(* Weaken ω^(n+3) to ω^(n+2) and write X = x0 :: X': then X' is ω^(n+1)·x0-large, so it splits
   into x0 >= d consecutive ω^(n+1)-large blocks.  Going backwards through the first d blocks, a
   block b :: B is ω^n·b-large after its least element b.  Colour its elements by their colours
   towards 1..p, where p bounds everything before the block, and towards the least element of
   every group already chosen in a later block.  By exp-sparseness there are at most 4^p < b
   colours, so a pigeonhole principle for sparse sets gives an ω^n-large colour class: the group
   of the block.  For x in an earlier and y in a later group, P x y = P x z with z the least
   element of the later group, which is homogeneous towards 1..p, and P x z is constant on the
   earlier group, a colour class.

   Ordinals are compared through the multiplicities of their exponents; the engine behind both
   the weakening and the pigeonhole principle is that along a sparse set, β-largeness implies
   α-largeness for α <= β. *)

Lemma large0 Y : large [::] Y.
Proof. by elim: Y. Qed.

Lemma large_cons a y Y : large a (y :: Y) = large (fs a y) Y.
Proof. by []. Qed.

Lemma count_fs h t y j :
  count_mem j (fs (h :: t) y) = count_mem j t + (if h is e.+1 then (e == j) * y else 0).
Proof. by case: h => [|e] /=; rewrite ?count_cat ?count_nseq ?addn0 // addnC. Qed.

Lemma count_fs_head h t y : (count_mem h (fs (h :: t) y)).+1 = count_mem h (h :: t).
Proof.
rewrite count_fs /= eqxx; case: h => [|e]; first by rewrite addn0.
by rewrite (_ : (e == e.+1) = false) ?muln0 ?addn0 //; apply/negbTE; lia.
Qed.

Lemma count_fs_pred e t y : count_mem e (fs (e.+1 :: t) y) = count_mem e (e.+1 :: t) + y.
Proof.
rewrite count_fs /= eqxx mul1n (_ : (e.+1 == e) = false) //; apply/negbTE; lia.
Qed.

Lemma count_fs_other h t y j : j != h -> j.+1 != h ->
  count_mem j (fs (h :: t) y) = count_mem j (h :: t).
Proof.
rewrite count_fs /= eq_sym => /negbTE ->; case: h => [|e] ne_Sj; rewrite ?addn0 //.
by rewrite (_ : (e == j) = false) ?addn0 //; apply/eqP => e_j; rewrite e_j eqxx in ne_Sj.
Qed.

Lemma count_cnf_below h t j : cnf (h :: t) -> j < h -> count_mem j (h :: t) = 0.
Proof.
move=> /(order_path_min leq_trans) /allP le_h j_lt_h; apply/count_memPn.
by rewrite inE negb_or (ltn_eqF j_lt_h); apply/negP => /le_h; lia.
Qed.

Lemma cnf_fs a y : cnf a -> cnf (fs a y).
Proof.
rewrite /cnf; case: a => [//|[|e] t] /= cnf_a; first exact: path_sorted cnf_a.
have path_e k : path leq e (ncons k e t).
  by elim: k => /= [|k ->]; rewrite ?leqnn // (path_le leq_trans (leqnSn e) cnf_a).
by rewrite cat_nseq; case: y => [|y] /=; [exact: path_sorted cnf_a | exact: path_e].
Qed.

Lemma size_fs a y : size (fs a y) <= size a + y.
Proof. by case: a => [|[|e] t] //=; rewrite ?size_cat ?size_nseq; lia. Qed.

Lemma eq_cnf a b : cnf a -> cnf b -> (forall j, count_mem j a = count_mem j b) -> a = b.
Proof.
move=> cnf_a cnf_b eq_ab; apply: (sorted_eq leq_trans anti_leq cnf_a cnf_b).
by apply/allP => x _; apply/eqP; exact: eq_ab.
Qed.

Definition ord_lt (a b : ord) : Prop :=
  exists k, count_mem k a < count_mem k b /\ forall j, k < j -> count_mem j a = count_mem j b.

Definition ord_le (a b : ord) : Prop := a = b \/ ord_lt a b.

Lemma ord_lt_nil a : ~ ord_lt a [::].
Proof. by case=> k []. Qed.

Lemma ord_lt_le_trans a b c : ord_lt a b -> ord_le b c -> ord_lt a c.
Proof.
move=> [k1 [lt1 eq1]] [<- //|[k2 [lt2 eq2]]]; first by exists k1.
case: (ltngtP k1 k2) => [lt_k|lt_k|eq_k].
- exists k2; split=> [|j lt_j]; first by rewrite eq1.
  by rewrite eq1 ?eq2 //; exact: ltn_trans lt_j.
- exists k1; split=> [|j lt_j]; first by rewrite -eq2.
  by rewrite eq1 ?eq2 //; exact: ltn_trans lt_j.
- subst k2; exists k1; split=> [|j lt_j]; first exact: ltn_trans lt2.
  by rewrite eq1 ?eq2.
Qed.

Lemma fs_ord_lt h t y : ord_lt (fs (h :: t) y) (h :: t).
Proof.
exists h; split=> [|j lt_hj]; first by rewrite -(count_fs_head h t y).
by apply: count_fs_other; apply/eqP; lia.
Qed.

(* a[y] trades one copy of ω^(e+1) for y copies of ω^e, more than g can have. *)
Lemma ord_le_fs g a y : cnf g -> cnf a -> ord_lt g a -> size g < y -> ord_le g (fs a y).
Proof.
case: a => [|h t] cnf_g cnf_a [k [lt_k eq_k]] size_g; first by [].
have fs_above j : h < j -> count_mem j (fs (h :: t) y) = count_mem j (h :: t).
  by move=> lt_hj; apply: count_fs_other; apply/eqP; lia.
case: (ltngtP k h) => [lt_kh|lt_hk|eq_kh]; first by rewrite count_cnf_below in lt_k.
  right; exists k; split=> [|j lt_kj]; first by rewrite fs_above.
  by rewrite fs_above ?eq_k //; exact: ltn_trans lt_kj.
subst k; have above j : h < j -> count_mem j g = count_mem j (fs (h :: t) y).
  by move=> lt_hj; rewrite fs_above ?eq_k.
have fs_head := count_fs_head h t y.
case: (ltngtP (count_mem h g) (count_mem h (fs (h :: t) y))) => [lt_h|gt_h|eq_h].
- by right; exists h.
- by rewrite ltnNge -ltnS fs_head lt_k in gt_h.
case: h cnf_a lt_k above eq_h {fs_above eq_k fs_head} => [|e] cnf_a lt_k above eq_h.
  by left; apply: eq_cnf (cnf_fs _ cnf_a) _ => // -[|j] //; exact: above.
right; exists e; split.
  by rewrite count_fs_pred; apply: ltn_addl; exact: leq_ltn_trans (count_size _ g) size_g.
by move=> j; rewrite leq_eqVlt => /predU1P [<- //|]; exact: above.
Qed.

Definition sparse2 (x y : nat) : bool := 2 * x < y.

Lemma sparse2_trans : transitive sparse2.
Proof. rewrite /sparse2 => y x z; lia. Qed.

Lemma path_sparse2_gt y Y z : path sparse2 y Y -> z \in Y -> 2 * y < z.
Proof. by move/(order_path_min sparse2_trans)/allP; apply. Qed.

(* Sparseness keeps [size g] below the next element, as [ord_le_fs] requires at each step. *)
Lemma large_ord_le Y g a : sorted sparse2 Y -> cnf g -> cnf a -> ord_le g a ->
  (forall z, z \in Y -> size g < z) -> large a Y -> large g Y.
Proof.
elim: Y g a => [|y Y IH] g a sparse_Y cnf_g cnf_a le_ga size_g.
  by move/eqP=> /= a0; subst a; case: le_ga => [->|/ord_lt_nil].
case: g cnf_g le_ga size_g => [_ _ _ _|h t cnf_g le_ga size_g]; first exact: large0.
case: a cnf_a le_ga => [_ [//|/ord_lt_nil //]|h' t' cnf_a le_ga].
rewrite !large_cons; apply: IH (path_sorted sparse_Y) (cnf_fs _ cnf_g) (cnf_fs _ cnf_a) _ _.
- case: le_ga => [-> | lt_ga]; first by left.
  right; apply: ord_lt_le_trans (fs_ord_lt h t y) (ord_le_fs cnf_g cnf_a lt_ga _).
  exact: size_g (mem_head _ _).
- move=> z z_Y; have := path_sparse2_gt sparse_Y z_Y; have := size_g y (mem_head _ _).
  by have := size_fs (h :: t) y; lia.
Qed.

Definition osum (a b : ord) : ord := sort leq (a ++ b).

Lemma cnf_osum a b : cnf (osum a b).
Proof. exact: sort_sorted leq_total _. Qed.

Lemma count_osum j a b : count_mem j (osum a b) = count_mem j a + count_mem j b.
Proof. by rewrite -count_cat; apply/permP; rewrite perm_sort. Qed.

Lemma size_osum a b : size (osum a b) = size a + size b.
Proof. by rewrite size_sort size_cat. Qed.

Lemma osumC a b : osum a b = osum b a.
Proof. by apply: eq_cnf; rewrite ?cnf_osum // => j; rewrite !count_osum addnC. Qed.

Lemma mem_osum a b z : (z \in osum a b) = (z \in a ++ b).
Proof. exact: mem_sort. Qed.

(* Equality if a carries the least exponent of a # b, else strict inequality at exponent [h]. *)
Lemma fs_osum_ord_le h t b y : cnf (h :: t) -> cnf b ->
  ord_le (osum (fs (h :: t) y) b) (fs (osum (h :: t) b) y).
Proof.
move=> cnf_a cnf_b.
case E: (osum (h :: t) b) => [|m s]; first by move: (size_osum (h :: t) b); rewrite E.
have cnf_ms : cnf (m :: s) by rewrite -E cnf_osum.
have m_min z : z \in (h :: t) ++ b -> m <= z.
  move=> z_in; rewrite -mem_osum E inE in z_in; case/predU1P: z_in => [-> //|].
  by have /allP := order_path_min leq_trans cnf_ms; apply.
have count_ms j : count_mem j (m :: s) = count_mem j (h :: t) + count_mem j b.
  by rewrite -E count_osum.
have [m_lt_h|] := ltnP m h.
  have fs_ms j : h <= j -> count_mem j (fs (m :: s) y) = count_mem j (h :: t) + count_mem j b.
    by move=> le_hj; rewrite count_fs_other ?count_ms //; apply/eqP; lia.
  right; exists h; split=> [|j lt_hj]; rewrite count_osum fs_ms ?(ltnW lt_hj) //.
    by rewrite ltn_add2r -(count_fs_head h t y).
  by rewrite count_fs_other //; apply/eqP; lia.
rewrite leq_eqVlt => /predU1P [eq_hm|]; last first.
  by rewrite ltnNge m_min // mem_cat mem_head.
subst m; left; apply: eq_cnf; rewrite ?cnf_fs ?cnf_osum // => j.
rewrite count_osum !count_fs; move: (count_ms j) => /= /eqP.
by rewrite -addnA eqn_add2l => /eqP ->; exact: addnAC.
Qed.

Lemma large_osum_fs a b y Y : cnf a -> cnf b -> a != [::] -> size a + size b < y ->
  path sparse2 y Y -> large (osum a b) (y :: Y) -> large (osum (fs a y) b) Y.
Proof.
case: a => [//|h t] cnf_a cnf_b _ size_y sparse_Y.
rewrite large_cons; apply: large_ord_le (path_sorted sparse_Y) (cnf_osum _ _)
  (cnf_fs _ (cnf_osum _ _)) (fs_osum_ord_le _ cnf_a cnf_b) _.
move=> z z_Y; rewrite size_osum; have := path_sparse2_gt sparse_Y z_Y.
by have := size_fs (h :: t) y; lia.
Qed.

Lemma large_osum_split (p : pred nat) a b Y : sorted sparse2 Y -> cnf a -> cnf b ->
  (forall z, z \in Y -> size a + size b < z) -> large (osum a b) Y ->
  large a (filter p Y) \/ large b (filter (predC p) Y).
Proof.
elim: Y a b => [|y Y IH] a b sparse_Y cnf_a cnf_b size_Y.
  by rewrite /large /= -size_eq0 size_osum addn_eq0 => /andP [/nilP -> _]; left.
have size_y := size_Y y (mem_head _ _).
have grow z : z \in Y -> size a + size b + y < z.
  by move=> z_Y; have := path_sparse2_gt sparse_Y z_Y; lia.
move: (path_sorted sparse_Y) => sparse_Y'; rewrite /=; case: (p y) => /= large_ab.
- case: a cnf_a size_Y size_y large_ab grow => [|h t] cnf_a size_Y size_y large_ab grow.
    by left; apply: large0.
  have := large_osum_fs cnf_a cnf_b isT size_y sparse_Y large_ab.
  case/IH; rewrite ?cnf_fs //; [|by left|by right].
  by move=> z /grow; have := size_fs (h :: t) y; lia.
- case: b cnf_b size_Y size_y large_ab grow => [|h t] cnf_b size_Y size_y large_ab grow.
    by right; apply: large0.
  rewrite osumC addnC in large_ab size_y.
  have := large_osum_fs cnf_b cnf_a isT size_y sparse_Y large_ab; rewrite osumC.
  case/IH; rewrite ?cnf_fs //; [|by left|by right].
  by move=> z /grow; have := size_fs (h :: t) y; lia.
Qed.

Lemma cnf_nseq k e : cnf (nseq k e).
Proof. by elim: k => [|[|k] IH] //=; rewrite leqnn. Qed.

==

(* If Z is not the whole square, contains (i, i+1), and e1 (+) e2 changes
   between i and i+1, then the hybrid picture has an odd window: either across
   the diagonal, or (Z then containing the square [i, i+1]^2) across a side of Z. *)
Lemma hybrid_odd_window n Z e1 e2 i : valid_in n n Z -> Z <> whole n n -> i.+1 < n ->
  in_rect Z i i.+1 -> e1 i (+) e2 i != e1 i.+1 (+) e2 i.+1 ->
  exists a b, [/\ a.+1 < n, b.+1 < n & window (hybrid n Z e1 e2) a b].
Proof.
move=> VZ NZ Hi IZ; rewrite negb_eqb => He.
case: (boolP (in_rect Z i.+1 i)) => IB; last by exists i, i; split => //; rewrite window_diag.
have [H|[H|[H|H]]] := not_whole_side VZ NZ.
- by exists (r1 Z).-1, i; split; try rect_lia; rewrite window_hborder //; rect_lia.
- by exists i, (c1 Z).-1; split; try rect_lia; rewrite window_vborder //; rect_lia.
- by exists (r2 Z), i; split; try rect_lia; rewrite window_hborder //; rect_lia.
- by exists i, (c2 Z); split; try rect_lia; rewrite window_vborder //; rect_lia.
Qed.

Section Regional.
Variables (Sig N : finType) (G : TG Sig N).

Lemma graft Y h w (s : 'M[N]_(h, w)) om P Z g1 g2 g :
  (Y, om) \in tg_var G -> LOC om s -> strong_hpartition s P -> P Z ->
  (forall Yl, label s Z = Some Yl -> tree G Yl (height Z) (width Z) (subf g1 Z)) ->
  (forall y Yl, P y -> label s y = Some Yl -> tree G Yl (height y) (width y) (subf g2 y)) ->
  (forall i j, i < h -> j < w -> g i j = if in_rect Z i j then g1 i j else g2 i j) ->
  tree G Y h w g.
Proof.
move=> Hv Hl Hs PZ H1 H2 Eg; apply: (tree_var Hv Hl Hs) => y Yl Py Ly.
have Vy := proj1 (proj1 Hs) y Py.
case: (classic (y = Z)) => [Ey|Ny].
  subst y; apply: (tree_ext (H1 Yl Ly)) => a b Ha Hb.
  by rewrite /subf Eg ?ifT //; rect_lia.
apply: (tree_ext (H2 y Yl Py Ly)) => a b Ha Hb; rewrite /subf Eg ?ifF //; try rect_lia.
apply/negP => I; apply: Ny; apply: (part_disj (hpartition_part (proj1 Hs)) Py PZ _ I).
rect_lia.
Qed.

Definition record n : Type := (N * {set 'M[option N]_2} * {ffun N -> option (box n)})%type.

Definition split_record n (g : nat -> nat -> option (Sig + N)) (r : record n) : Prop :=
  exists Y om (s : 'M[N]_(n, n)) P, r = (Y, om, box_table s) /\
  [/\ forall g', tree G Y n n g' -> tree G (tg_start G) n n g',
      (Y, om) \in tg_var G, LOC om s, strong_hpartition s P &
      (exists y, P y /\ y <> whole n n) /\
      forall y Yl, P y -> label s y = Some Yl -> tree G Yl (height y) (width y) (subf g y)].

AIM OF THE EXERCISE:
Please give an exact copy of the lines above, beginning with the line containing "(forall i j, i" and running through the line containing "(subf g y)].", and of no other lines.

WRITTEN SOLUTION:
  (forall i j, i < h -> j < w -> g i j = if in_rect Z i j then g1 i j else g2 i j) ->
  tree G Y h w g.
Proof.
move=> Hv Hl Hs PZ H1 H2 Eg; apply: (tree_var Hv Hl Hs) => y Yl Py Ly.
have Vy := proj1 (proj1 Hs) y Py.
case: (classic (y = Z)) => [Ey|Ny].
  subst y; apply: (tree_ext (H1 Yl Ly)) => a b Ha Hb.
  by rewrite /subf Eg ?ifT //; rect_lia.
apply: (tree_ext (H2 y Yl Py Ly)) => a b Ha Hb; rewrite /subf Eg ?ifF //; try rect_lia.
apply/negP => I; apply: Ny; apply: (part_disj (hpartition_part (proj1 Hs)) Py PZ _ I).
rect_lia.
Qed.

Definition record n : Type := (N * {set 'M[option N]_2} * {ffun N -> option (box n)})%type.

Definition split_record n (g : nat -> nat -> option (Sig + N)) (r : record n) : Prop :=
  exists Y om (s : 'M[N]_(n, n)) P, r = (Y, om, box_table s) /\
  [/\ forall g', tree G Y n n g' -> tree G (tg_start G) n n g',
      (Y, om) \in tg_var G, LOC om s, strong_hpartition s P &
      (exists y, P y /\ y <> whole n n) /\
      forall y Yl, P y -> label s y = Some Yl -> tree G Yl (height y) (width y) (subf g y)].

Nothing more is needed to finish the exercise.